00:29:00.560 The next steps toward enhancing our interpreter will involve constructing a more intricate environment class, capable of supporting recursive calls while preserving unique contexts across multiple invocations. Each function call will maintain its unique scope while ensuring that the previous values remain accessible, as established through our previously defined environment and scope management.

00:30:30.600 Wrapping this all together, we’ve now implemented the Ubie language to support fundamental types and operations, including numeric types, conditional branching, and local variable handling. The interpreter has evolved to allow for user-defined functions while implementing arrays, hashes, and stack management. Upon successfully determining the initial code implementation in around 130 lines, we can condense our tests down to approximately 70 lines.

00:31:25.680 Additionally, I encourage further experimentation with additional functionalities; Perhaps exploring richer types or different scopes may provide better learning opportunities.

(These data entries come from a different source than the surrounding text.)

(* Let all issues be binary. Fix a vote profile $a$, an agent $j$ and an issue $i$. Consider three uncertainty parameter vectors $r_j,q_j,\hat q_j\in\mathbb R_{\ge0}^p$: - $q_j$ differs from $r_j$ only on one issue $k\ne i$, with $r_j^k<q_j^k$; - $\hat q_j$ differs from $r_j$ only on issue $i$, with $r_j^i<\hat q_j^i$. Let $LD^i_j$, $LQ^i_j$ and $\widehat{LQ}^i_j$ be the sets of local dominance improvement steps of $j$ on issue $i$ at $a$ under $S=\tilde S_{-j}(a;r_j)$, $S=\tilde S_{-j}(a;q_j)$ and $S=\tilde S_{-j}(a;\hat q_j)$, respectively. Then $$LQ^i_j\subseteq LD^i_j\subseteq \widehat{LQ}^i_j.$$
   Context: Issues $\mathcal P=\{1,\dots,p\}$, each with a finite candidate set $D_i$; alternatives are $\mathcal D=\prod_i D_i$. Binary issues means $D_i=\{0,1\}$ for all $i$. There are $n$ agents, and each agent $j$ has a strict linear order $\succ_j$ over $\mathcal D$. A vote profile is $a\in\mathcal D^n$. Score tuples and outcomes: - A score tuple $v=(v^i)_{i\in\mathcal P}$ consists of vectors $v^i\in\mathbb N^{D_i}$. - Plurality outcome $f(v)=(f^i(v))_i$: $f^i(v)$ is the candidate of maximum score $v^i(c)$, with ties broken lexicographically. - For a vote $b\in\mathcal D$, $v+b$ adds one to $v^i(b^i)$ for every issue $i$. - $s_{-j}(a)$ is the score tuple of $a$ without agent $j$'s vote. Uncertainty sets: a distance on score vectors of issue $i$ is candidate-wise if $\delta(s,\tilde s)=\max_{c\in D_i}\hat\delta(s(c),\tilde s(c))$ for a monotone function $\hat\delta$. Examples are the $\ell_\infty$ distance $\hat\delta(s,\tilde s)=|s-\tilde s|$ and the multiplicative distance. Given uncertainty parameters $r_j=(r_j^i)_i$, define $$\tilde S^i_{-j}(a;r^i_j)=\{v^i:\delta(v^i,s^i_{-j}(a))\le r^i_j\}, \qquad \tilde S_{-j}(a;r_j)=\prod_i\tilde S^i_{-j}(a;r_j^i).$$ Local dominance: a vote $\hat a_j$ $S$-beats $a_j$ if there is $v\in S$ with $f(v+\hat a_j)\succ_j f(v+a_j)$. The vote $\hat a_j$ $S$-dominates $a_j$ if $\hat a_j$ $S$-beats $a_j$ and $a_j$ does not $S$-beat $\hat a_j$. The set of local dominance improvement (LDI) steps of $j$ on issue $i$ (under $S$) is the set of votes that satisfy all of the following: - they $S$-dominate $a_j$; - they differ from $a_j$ only on issue $i$; - they are not $S$-dominated by any vote differing from $a_j$ only on issue $i$. *)

From mathcomp Require Import all_boot all_order all_algebra.
Set Implicit Arguments. Unset Strict Implicit. Unset Printing Implicit Defensive.
Import Order.TTheory GRing.Theory Num.Theory.
Local Open Scope ring_scope.

(* Binary issues: p issues 'I_p, each with candidate set bool (0 = false, 1 = true).
   Alternatives (= votes): {ffun 'I_p -> bool}. Agents: 'I_n. *)
Definition alt (p : nat) := {ffun 'I_p -> bool}.

Definition scores (p : nat) := 'I_p -> bool -> nat.

Definition strict_linear_order (T : eqType) (pr : rel T) : Prop :=
  [/\ irreflexive pr, transitive pr & forall x y, x != y -> pr x y || pr y x].

(* Plurality outcome, ties broken lexicographically (false = 0 wins ties). *)
Definition outcome (p : nat) (v : scores p) : alt p :=
  [ffun i => v i false < v i true]%N.

Definition add_vote (p : nat) (v : scores p) (b : alt p) : scores p :=
  fun i c => (v i c + (b i == c))%N.

Definition score_minus (p n : nat) (a : 'I_n -> alt p) (j : 'I_n) : scores p :=
  fun i c => #|[set j' : 'I_n | (j' != j) && (a j' i == c)]|.

Definition cw_dist (R : realFieldType) (dhat : nat -> nat -> R)
  (s t : bool -> nat) : R :=
  Num.max (dhat (s false) (t false)) (dhat (s true) (t true)).

Definition monotone_dist (R : realFieldType) (dhat : nat -> nat -> R) : Prop :=
  (forall x, dhat x x = 0) /\
  (forall x y, 0 <= dhat x y) /\
  (forall x y z, (x <= y <= z)%N || (z <= y <= x)%N ->
      dhat x y <= dhat x z /\ dhat y x <= dhat z x).

Definition unc_set (R : realFieldType) (p n : nat)
  (dhat : 'I_p -> nat -> nat -> R) (a : 'I_n -> alt p) (j : 'I_n)
  (r : 'I_p -> R) : scores p -> Prop :=
  fun v => forall i, cw_dist (dhat i) (v i) (score_minus a j i) <= r i.

Definition Sbeats (p : nat) (S : scores p -> Prop) (pr : rel (alt p))
  (b a : alt p) : Prop :=
  exists v, S v /\ pr (outcome (add_vote v b)) (outcome (add_vote v a)).

Definition Sdominates (p : nat) (S : scores p -> Prop) (pr : rel (alt p))
  (b a : alt p) : Prop :=
  Sbeats S pr b a /\ ~ Sbeats S pr a b.

Definition differs_only_on (p : nat) (i : 'I_p) (b a : alt p) : Prop :=
  forall l, l != i -> b l = a l.

Definition LDI (p : nat) (S : scores p -> Prop) (pr : rel (alt p))
  (aj : alt p) (i : 'I_p) : alt p -> Prop :=
  fun b => [/\ Sdominates S pr b aj, differs_only_on i b aj &
     ~ exists b', differs_only_on i b' aj /\ Sdominates S pr b' b].

From mathcomp Require Import all_boot all_order all_algebra.
From mathcomp Require Import zify.
Import Order.TTheory GRing.Theory Num.Theory.
Local Open Scope ring_scope.

Set Implicit Arguments. Unset Strict Implicit.

(* With binary issues, a vote changing only issue [i] either leaves every
   outcome unchanged or flips the outcome of issue [i] to itself; so whether
   [b] beats [a_j] on a score tuple [v] is decided by [v i] alone.  Hence:
   - enlarging the uncertainty on another issue [k] adds no new witnesses,
     since resetting [v k] to the true score keeps a witness a witness;
   - enlarging the uncertainty on [i] adds no witness for [a_j] against [b],
     since the [i]-component of any witness for [b] against [a_j] can be
     grafted onto it.
   Finally, the only votes differing from [a_j] only on [i] are [a_j] and [b],
   so every dominating such [b] is automatically undominated. *)

Section Outcomes.

Variable p : nat.
Implicit Types (v w : scores p) (b c d : alt p) (i l : 'I_p).

Lemma outcome_add_vote_scores v w c l :
  v l = w l -> outcome (add_vote v c) l = outcome (add_vote w c) l.
Proof. by move=> evw; rewrite /outcome !ffunE /add_vote evw. Qed.

Lemma outcome_add_vote_votes v c d l :
  c l = d l -> outcome (add_vote v c) l = outcome (add_vote v d) l.
Proof. by move=> ecd; rewrite /outcome !ffunE /add_vote ecd. Qed.

Lemma outcome_pivotal v c d l :
  outcome (add_vote v c) l != outcome (add_vote v d) l ->
  outcome (add_vote v c) l = c l.
Proof.
rewrite /outcome !ffunE /add_vote; move: (v l false) (v l true) => x y.
by case: (c l); case: (d l) => //=; rewrite ?addn0 ?addn1 ?eqxx //;
  case: (ltnP x y.+1); case: (ltnP x.+1 y) => // *; lia.
Qed.

Lemma differs_only_on_eq i b c : differs_only_on i b c -> b i = c i -> b = c.
Proof.
by move=> bc ebc; apply/ffunP => l; case: (eqVneq l i) => [->|/bc].
Qed.

Lemma outcome_eq_on_issue v i b c :
  differs_only_on i b c ->
  outcome (add_vote v b) i = outcome (add_vote v c) i ->
  outcome (add_vote v b) = outcome (add_vote v c).
Proof.
move=> bc ei; apply/ffunP => l; case: (eqVneq l i) => [-> //|li].
exact/outcome_add_vote_votes/bc.
Qed.

Lemma Sbeats_sub (S T : scores p -> Prop) pr b c :
  (forall v, S v -> T v) -> Sbeats S pr b c -> Sbeats T pr b c.
Proof. by move=> ST [v [/ST Tv bc]]; exists v. Qed.

Lemma LDI_of_dominates (S : scores p -> Prop) pr aj i b :
  Sdominates S pr b aj -> differs_only_on i b aj -> LDI S pr aj i b.
Proof.
move=> b_aj b_on_i; split=> // -[b' [b'_on_i b'_b]].
have b_i : b i != aj i.
  apply/eqP=> /(differs_only_on_eq b_on_i) ebaj.
  by move: b_aj; rewrite ebaj => -[].
have [/(differs_only_on_eq b'_on_i) eb'aj | b'_i] := eqVneq (b' i) (aj i).
  by move: b'_b; rewrite eb'aj => -[] /(proj2 b_aj).
have eb'b : b' = b.
  apply: (differs_only_on_eq (i := i)) => [l li|]; first by rewrite b'_on_i // b_on_i.
  by move: b'_i b_i; case: (b' i); case: (b i); case: (aj i).
by move: b'_b; rewrite eb'b => -[].
Qed.

Variable pr : rel (alt p).
Hypothesis pr_irr : irreflexive pr.

Lemma preferred_outcome_differs_on_issue v i b c :
  differs_only_on i b c ->
  pr (outcome (add_vote v b)) (outcome (add_vote v c)) ->
  outcome (add_vote v b) i != outcome (add_vote v c) i.
Proof.
move=> bc pr_bc; apply/eqP => /(outcome_eq_on_issue bc) e.
by rewrite e pr_irr in pr_bc.
Qed.

End Outcomes.

Definition set_issue (p : nat) (v : scores p) (m : 'I_p) (t : bool -> nat) : scores p :=
  fun l => if l == m then t else v l.

Lemma cw_dist_refl (R : realFieldType) (dh : nat -> nat -> R) s :
  (forall x, dh x x = 0) -> cw_dist dh s s = 0.
Proof. by move=> dh0; rewrite /cw_dist !dh0 maxxx. Qed.

Section Uncertainty.

Variables (R : realFieldType) (p n : nat) (dhat : 'I_p -> nat -> nat -> R).
Variables (a : 'I_n -> alt p) (j : 'I_n).
Local Notation U := (unc_set dhat a j).
Implicit Types (r q : 'I_p -> R) (v w : scores p).

Lemma unc_set_le r q : (forall l, r l <= q l) -> forall v, U r v -> U q v.
Proof. by move=> rq v rv l; apply: le_trans (rv l) (rq l). Qed.

Lemma unc_set_set_issue r q v m t :
  (forall l, l != m -> q l = r l) -> U q v ->
  cw_dist (dhat m) t (score_minus a j m) <= r m -> U r (set_issue v m t).
Proof.
move=> qr qv tm l; rewrite /set_issue.
by case: (eqVneq l m) => [-> //|lm]; rewrite -qr.
Qed.

Variables (pr : rel (alt p)) (i : 'I_p).
Hypothesis pr_irr : irreflexive pr.
Hypothesis pr_total : forall x y, x != y -> pr x y || pr y x.

Lemma LDI_shrink_other_issue r q k b :
  (forall x, dhat k x x = 0) -> 0 <= r k -> k != i ->
  (forall l, l != k -> q l = r l) -> r k <= q k ->
  LDI (U q) pr (a j) i b -> LDI (U r) pr (a j) i b.
Proof.
move=> dh0 r_ge0 ki qr rqk [[[w [qw pr_w]] aj_nbeats_q] b_on_i _].
have rq l : r l <= q l by case: (eqVneq l k) => [-> //|/qr ->].
apply: LDI_of_dominates => //; split; last first.
  by move=> /(Sbeats_sub (unc_set_le rq)).
pose u := set_issue w k (score_minus a j k).
have ru : U r u by apply: (unc_set_set_issue qr qw); rewrite cw_dist_refl.
have ui : u i = w i by rewrite /u /set_issue eq_sym (negbTE ki).
have u_neq : outcome (add_vote u b) != outcome (add_vote u (a j)).
  apply: contraNneq (preferred_outcome_differs_on_issue pr_irr b_on_i pr_w).
  by move=> e; rewrite -!(outcome_add_vote_scores _ ui) e.
case/orP: (pr_total u_neq) => pr_u; first by exists u.
by case: aj_nbeats_q; exists u; split=> //; apply: unc_set_le ru.
Qed.

Lemma LDI_grow_own_issue r q b :
  (forall l, l != i -> q l = r l) -> r i <= q i ->
  LDI (U r) pr (a j) i b -> LDI (U q) pr (a j) i b.
Proof.
move=> qr rqi [[b_beats aj_nbeats_r] b_on_i _].
have rq l : r l <= q l by case: (eqVneq l i) => [-> //|/qr ->].
apply: LDI_of_dominates => //; split.
  exact: Sbeats_sub (unc_set_le rq) b_beats.
move=> [v [qv pr_v]]; case: b_beats => w [rw pr_w]; apply: aj_nbeats_r.
have pw := preferred_outcome_differs_on_issue pr_irr b_on_i pr_w.
have aj_on_i : differs_only_on i (a j) b by move=> l /b_on_i ->.
have pv := preferred_outcome_differs_on_issue pr_irr aj_on_i pr_v.
pose u := set_issue v i (w i).
have ru : U r u by exact: unc_set_set_issue qr qv (rw i).
(* On issue [i] both [w] and [v] are pivotal, so there the outcome is the vote's own. *)
have uv c : c = b \/ c = a j -> outcome (add_vote u c) = outcome (add_vote v c).
  move=> cbaj; apply/ffunP => l; case: (eqVneq l i) => [->|li].
    rewrite (outcome_add_vote_scores (w := w)) /u /set_issue ?eqxx //.
    case: cbaj => ->; [rewrite eq_sym in pv | rewrite eq_sym in pw];
      by rewrite (outcome_pivotal pw) (outcome_pivotal pv).
  by apply: outcome_add_vote_scores; rewrite /u /set_issue (negbTE li).
by exists u; rewrite (uv (a j) (or_intror erefl)) (uv b (or_introl erefl)).
Qed.

End Uncertainty.

Theorem theorem1 (R : realFieldType) (p n : nat)
  (dhat : 'I_p -> nat -> nat -> R) (pref : 'I_n -> rel (alt p))
  (a : 'I_n -> alt p) (j : 'I_n) (i k : 'I_p) (r q qh : 'I_p -> R) :
  (forall l, monotone_dist (dhat l)) ->
  (forall j', strict_linear_order (pref j')) ->
  (forall l, 0 <= r l) -> (forall l, 0 <= q l) -> (forall l, 0 <= qh l) ->
  k != i ->
  (forall l, l != k -> q l = r l) -> r k < q k ->
  (forall l, l != i -> qh l = r l) -> r i < qh i ->
  forall b : alt p,
    (LDI (unc_set dhat a j q) (pref j) (a j) i b ->
     LDI (unc_set dhat a j r) (pref j) (a j) i b) /\
    (LDI (unc_set dhat a j r) (pref j) (a j) i b ->
     LDI (unc_set dhat a j qh) (pref j) (a j) i b).
Proof.
move=> dhat_dist pref_lin r_ge0 _ _ ki qr rqk qhr rqhi b.
have [pr_irr _ pr_total] := pref_lin j.
have [dhat_k_refl _] := dhat_dist k.
split.
- exact: (LDI_shrink_other_issue (b := b) pr_irr pr_total dhat_k_refl
    (r_ge0 k) ki qr (ltW rqk)).
- exact: (LDI_grow_own_issue (b := b) pr_irr qhr (ltW rqhi)).
Qed.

Ultimately, guiding forward with linguistically-driven materials, such as books like "Structure and Interpretation of Computer Programs" and "The Little Schemer," may enhance your understanding of interpretive processes.

00:32:30.000 Before concluding, if you have any questions, feel free to approach me afterward, as I will be available in the hallway.

00:34:00.000 Thank you for your attention, and as an improvised bonus round, I want to share a personal project: I created a Ruby program that analyzes ligatures in English words! The results surprised me; for instance, the word "anti-product" made it to the top five. On that whimsical note, thank you once again, and as I wrap up, here’s a glimpse of my favorite kittens from my last fostering batch.

00:36:30.000 I look forward to your questions!